Максим Кантор - В ту сторону
Мысли о необходимости возрождения империи Борис Кузин решил изложить в форме притчи. Он писал нечто, напоминающее позднего Достоевского, — «Дневник писателя» передает впечатления частной жизни, однако обобщает их до философии бытия.
То была повесть о смерти одинокого ученого. Умирая, ученый делится с миром последними заветами, выплескивает на бумагу завещание тем, кто придет за ним. парадоксально, но именно внезапная болезнь Татарникова подсказала сюжетный поворот: Кузин задумался о возрасте, о здоровье и лишний раз уверился в том, какая хрупкая вещь — жизнь человека. Не то даже важно, что внезапно умрешь, — досадно, что дело не успеешь сделать. Татарникову, вероятно, безразличен вопрос — успел он сделать в этой жизни то, что должен был сделать, или не успел. Вполне вероятно, что никаких внятных целей у Сергея Ильича не было. Однако есть такие люди, что призваны к делам.
Прихлебывая травный настой, приготовленный супругой, Кузин описывал горькие пилюли, что глотал его герой, пригвожденный к койке. Кузин потягивал отвар — действительно, горьковато, — и описание чувств профессора Голубкова, пьющего свою лекарственную цикуту, выходило само собой. Важно пережить то, что описываешь, горечь и боль невозможно имитировать, их надо действительно испытать. Некоторые места удавались настолько, что профессор откладывал перо и отдавался переживаниям. Да, говорил он себе, так и есть. Как же верно, как же больно. Профессор Голубков в его рассказе умирал, не оцененный по заслугам, в унизительной нищете. Ибо что как не нищета — будем называть вещи своими именами! — есть копеечная зарплата русского профессора. Работаешь на трех работах, и всего-то набегает тысячи три долларов, редко четыре — это что, деньги, спрошу я вас, это — деньги?

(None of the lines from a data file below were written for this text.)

(* Put nu_m = m + 1/2, a_m = x I_(nu_m + 1)(x) / I_nu_m(x) and b_m = x K_(nu_m + 1)(x) / K_nu_m(x);
   the claim reads 2n + a_n - b_n < 0.  The three-term recurrences of I (from its power series)
   and of K (integrating the derivative of exp (-x cosh t) sinh (nu t)) give
     a_m (2 nu_m + 2 + a_(m+1)) = x^2,   b_(m+1) = 2 nu_m + 2 + x^2 / b_m,   b_0 = 1 + x,
   the last one because K_(-1/2) = K_(1/2).  With rad(c) = sqrt (c^2 + x^2), induction keeps
   b_m in [nu_m + rad(nu_m), nu_m + 1 + rad(nu_m + 1)].  For a_m one argues backwards: the
   distance from a_m to the bracket [rad(nu_m + 1) - nu_m - 1, rad(nu_m) - nu_m] is bounded and
   is multiplied at each step by at most x^2 / (2 nu_m + 2)^2, which is eventually below 1/2,
   so it vanishes.  Hence 2n + a_n - b_n <= 2n - 2 nu_n = -1. *)

From Stdlib Require Import Reals Lra Lia Factorial FunctionalExtensionality.
From Coquelicot Require Import Coquelicot.
Open Scope R_scope.

Lemma exp_le_exp x y : x <= y -> exp x <= exp y.
Proof.
  intros [Hlt | ->]; [left; now apply exp_increasing | apply Rle_refl].
Qed.

Lemma ln_le_sub_1 y : 0 < y -> ln y <= y - 1.
Proof. intros Hy. pose proof (exp_ineq1_le (ln y)) as H. rewrite exp_ln in H; lra. Qed.

Lemma mul_ln_sub_le p t : 0 < p -> 0 < t -> p * ln t - t <= p * (ln p - 1).
Proof.
  intros Hp Ht. pose proof (ln_le_sub_1 (t / p) ltac:(apply Rdiv_lt_0_compat; lra)) as H.
  rewrite ln_div in H by lra.
  apply Rmult_le_compat_l with (r := p) in H; [|lra].
  replace (p * (t / p - 1)) with (t - p) in H by (field; lra). lra.
Qed.

(** * Improper integrals on (a, +oo) *)

Lemma ex_RInt_gen_cauchy (Fa Fb : (R -> Prop) -> Prop) (f : R -> R) :
  ProperFilter Fa -> ProperFilter Fb ->
  filter_prod Fa Fb (fun ab => ex_RInt f (fst ab) (snd ab)) ->
  (forall eps : posreal, exists P, filter_prod Fa Fb P /\
     forall u v, P u -> P v -> Rabs (RInt f (fst v) (snd v) - RInt f (fst u) (snd u)) < eps) ->
  ex_RInt_gen f Fa Fb.
Proof.
  intros HFa HFb Hex Hcauchy.
  apply (filterlimi_locally_cauchy (U := R_CompleteSpace)
           (fun ab : R * R => is_RInt f (fst ab) (snd ab))).
  - apply filter_imp with (2 := Hex). intros ab Hab. split.
    + exists (RInt f (fst ab) (snd ab)). now apply (RInt_correct (V := R_CompleteNormedModule)).
    + intros y1 y2 H1 H2.
      now rewrite <- (is_RInt_unique (V := R_CompleteNormedModule) _ _ _ _ H1),
                  <- (is_RInt_unique (V := R_CompleteNormedModule) _ _ _ _ H2).
  - intros eps. destruct (Hcauchy eps) as [P [HP Hbound]].
    exists P. split; [exact HP|].
    intros u v Pu Pv yu yv Hu Hv.
    rewrite <- (is_RInt_unique (V := R_CompleteNormedModule) _ _ _ _ Hu),
            <- (is_RInt_unique (V := R_CompleteNormedModule) _ _ _ _ Hv).
    now apply Hbound.
Qed.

Борис Кузин, который в жизни обходился малым и был чужд стяжательства, оценивал бытие своего героя объективно — с некоторой досадой, но без слез, принимал Голубков свою судьбу. Профессор был необходим обществу — его не слушали. В сущности, Голубков хотел простых вещей. Он хотел цивилизации, демократии и комфорта. Империя Российская должна восстать из руин, оставленных большевиками, но тяжелое наследие Московского царства мешает новопетровским реформам. Профессор Голубков восклицал (в споре с оппонентами): «Что же предпочесть? Жизнь обеспеченную, в свободном государстве, или жизнь раба?» И противники терялись, не знали, что ответить, ведь все их привычки коренились именно в московском бесправии, а заглянуть глубже — так и в монгольском иге. Так повелось в этой юдоли слез, что зависим мы от темного прошлого, а светлого нового страшимся. Даже близкие не ценили Голубкова по заслугам. Что говорить о начальстве?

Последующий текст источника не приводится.